== Work order ==
Please restate, word for word, the lines below that begin at the one with "rewrite size_rcons ltnS" and end at the one with "Hypothesis le_trans : forall". Leave out all other lines.

== Input records ==
:::

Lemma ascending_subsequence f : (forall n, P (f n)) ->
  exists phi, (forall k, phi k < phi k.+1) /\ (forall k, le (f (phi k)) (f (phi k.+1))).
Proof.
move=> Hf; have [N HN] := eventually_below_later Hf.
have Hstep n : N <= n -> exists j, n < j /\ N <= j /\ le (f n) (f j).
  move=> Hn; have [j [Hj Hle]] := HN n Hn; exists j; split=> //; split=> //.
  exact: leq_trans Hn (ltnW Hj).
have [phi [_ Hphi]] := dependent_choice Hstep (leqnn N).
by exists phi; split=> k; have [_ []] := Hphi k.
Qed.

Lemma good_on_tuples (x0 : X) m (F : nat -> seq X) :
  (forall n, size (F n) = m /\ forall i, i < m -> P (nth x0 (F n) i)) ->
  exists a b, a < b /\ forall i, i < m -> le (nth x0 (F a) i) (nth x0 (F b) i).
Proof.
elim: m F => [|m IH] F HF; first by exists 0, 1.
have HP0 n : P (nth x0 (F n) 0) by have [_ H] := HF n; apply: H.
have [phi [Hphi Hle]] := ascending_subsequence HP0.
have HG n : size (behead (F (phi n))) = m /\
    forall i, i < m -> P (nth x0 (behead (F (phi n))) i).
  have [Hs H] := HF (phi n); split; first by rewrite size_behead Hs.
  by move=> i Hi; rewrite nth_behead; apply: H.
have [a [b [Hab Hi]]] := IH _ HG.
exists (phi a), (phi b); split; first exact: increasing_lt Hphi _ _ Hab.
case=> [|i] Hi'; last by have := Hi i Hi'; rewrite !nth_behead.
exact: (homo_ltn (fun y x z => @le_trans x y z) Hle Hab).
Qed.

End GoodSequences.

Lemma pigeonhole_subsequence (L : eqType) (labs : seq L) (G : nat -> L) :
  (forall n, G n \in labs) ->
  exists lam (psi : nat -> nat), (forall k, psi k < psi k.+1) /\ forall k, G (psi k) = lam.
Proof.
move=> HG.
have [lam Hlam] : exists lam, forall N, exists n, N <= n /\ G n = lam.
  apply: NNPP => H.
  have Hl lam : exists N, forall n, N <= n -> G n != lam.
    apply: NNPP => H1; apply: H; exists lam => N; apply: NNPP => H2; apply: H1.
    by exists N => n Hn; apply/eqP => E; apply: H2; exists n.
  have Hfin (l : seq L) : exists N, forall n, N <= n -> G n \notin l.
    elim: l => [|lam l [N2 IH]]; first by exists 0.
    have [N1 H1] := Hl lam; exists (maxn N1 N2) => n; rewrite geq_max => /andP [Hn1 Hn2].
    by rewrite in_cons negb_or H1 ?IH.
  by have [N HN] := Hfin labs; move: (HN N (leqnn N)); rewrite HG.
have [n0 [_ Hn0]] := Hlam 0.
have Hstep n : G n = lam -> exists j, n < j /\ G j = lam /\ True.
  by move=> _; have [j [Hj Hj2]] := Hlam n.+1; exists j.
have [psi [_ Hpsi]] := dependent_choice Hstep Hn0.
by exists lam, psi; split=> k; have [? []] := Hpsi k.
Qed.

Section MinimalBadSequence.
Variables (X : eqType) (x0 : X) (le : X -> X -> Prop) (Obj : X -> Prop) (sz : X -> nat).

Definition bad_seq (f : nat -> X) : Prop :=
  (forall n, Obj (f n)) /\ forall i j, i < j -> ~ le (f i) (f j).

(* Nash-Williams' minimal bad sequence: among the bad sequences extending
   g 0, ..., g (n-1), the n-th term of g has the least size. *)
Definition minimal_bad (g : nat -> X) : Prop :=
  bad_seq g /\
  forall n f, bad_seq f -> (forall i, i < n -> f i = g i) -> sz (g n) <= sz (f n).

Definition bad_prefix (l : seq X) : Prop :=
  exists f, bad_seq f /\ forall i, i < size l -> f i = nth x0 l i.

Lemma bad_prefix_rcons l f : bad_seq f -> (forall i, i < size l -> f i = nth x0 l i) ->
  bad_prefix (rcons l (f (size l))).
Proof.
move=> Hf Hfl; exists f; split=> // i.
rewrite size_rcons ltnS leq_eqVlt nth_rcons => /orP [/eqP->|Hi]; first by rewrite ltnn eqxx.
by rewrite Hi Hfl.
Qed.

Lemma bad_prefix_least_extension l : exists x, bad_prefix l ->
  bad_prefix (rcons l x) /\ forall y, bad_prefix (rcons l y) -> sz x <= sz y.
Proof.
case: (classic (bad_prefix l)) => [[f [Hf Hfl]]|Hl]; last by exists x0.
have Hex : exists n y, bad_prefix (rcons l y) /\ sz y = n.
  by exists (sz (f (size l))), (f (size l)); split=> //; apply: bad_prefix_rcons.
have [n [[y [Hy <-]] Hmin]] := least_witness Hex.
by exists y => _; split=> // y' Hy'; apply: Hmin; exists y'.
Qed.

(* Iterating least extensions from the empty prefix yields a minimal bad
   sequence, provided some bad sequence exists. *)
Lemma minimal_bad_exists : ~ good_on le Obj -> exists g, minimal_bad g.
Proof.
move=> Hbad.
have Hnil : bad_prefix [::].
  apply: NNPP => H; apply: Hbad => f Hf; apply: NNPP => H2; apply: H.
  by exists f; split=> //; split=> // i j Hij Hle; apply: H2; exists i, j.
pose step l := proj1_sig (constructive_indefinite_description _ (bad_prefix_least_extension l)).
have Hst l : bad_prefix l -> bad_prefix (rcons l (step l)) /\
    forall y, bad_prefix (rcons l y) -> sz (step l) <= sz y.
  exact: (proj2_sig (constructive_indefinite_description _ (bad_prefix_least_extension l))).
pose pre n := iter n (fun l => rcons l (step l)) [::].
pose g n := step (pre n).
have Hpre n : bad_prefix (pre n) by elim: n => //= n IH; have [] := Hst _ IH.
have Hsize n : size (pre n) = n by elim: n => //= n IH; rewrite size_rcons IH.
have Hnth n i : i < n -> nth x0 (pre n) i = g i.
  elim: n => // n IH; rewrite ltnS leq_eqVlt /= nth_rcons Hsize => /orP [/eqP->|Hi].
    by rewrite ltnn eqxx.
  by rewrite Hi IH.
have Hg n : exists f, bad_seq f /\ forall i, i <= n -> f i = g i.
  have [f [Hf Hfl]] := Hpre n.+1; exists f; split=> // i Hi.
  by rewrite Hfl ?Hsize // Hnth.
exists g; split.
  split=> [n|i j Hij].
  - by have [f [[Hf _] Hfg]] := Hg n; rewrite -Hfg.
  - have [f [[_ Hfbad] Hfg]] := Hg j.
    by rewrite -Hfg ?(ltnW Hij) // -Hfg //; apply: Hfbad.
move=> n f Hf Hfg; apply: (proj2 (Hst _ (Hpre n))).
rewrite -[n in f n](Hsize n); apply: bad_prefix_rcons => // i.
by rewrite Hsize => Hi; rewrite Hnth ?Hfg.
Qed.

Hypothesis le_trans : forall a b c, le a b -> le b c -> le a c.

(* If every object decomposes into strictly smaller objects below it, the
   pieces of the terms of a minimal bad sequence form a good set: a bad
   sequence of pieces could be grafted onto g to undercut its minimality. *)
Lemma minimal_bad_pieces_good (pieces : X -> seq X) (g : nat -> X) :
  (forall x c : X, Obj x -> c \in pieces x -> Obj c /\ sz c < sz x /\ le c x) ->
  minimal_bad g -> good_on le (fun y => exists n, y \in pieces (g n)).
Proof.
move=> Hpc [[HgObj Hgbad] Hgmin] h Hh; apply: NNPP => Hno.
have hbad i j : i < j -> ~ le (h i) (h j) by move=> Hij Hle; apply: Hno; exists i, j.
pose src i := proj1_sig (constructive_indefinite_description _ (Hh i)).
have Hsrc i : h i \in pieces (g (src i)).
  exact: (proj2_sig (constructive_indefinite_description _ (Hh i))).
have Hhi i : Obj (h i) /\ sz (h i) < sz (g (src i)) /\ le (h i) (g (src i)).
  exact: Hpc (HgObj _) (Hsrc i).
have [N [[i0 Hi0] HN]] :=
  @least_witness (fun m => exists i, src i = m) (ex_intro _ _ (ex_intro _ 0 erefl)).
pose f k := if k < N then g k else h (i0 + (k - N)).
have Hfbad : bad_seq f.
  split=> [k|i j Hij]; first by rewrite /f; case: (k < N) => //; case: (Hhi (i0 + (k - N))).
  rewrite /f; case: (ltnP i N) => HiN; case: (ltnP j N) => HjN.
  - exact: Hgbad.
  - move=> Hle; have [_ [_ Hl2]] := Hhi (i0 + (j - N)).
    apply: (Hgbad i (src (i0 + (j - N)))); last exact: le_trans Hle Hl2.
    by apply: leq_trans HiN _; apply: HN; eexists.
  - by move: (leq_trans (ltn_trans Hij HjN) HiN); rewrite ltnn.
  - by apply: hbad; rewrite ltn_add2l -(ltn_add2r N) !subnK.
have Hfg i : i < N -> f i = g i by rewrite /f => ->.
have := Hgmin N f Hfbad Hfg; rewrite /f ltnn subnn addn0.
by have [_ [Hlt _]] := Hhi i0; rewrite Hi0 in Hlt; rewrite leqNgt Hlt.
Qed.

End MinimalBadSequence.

:::

== Output below ==
rewrite size_rcons ltnS leq_eqVlt nth_rcons => /orP [/eqP->|Hi]; first by rewrite ltnn eqxx.
by rewrite Hi Hfl.
Qed.

Lemma bad_prefix_least_extension l : exists x, bad_prefix l ->
  bad_prefix (rcons l x) /\ forall y, bad_prefix (rcons l y) -> sz x <= sz y.
Proof.
case: (classic (bad_prefix l)) => [[f [Hf Hfl]]|Hl]; last by exists x0.
have Hex : exists n y, bad_prefix (rcons l y) /\ sz y = n.
  by exists (sz (f (size l))), (f (size l)); split=> //; apply: bad_prefix_rcons.
have [n [[y [Hy <-]] Hmin]] := least_witness Hex.
by exists y => _; split=> // y' Hy'; apply: Hmin; exists y'.
Qed.

(* Iterating least extensions from the empty prefix yields a minimal bad
   sequence, provided some bad sequence exists. *)
Lemma minimal_bad_exists : ~ good_on le Obj -> exists g, minimal_bad g.
Proof.
move=> Hbad.
have Hnil : bad_prefix [::].
  apply: NNPP => H; apply: Hbad => f Hf; apply: NNPP => H2; apply: H.
  by exists f; split=> //; split=> // i j Hij Hle; apply: H2; exists i, j.
pose step l := proj1_sig (constructive_indefinite_description _ (bad_prefix_least_extension l)).
have Hst l : bad_prefix l -> bad_prefix (rcons l (step l)) /\
    forall y, bad_prefix (rcons l y) -> sz (step l) <= sz y.
  exact: (proj2_sig (constructive_indefinite_description _ (bad_prefix_least_extension l))).
pose pre n := iter n (fun l => rcons l (step l)) [::].
pose g n := step (pre n).
have Hpre n : bad_prefix (pre n) by elim: n => //= n IH; have [] := Hst _ IH.
have Hsize n : size (pre n) = n by elim: n => //= n IH; rewrite size_rcons IH.
have Hnth n i : i < n -> nth x0 (pre n) i = g i.
  elim: n => // n IH; rewrite ltnS leq_eqVlt /= nth_rcons Hsize => /orP [/eqP->|Hi].
    by rewrite ltnn eqxx.
  by rewrite Hi IH.
have Hg n : exists f, bad_seq f /\ forall i, i <= n -> f i = g i.
  have [f [Hf Hfl]] := Hpre n.+1; exists f; split=> // i Hi.
  by rewrite Hfl ?Hsize // Hnth.
exists g; split.
  split=> [n|i j Hij].
  - by have [f [[Hf _] Hfg]] := Hg n; rewrite -Hfg.
  - have [f [[_ Hfbad] Hfg]] := Hg j.
    by rewrite -Hfg ?(ltnW Hij) // -Hfg //; apply: Hfbad.
move=> n f Hf Hfg; apply: (proj2 (Hst _ (Hpre n))).
rewrite -[n in f n](Hsize n); apply: bad_prefix_rcons => // i.
by rewrite Hsize => Hi; rewrite Hnth ?Hfg.
Qed.

Hypothesis le_trans : forall a b c, le a b -> le b c -> le a c.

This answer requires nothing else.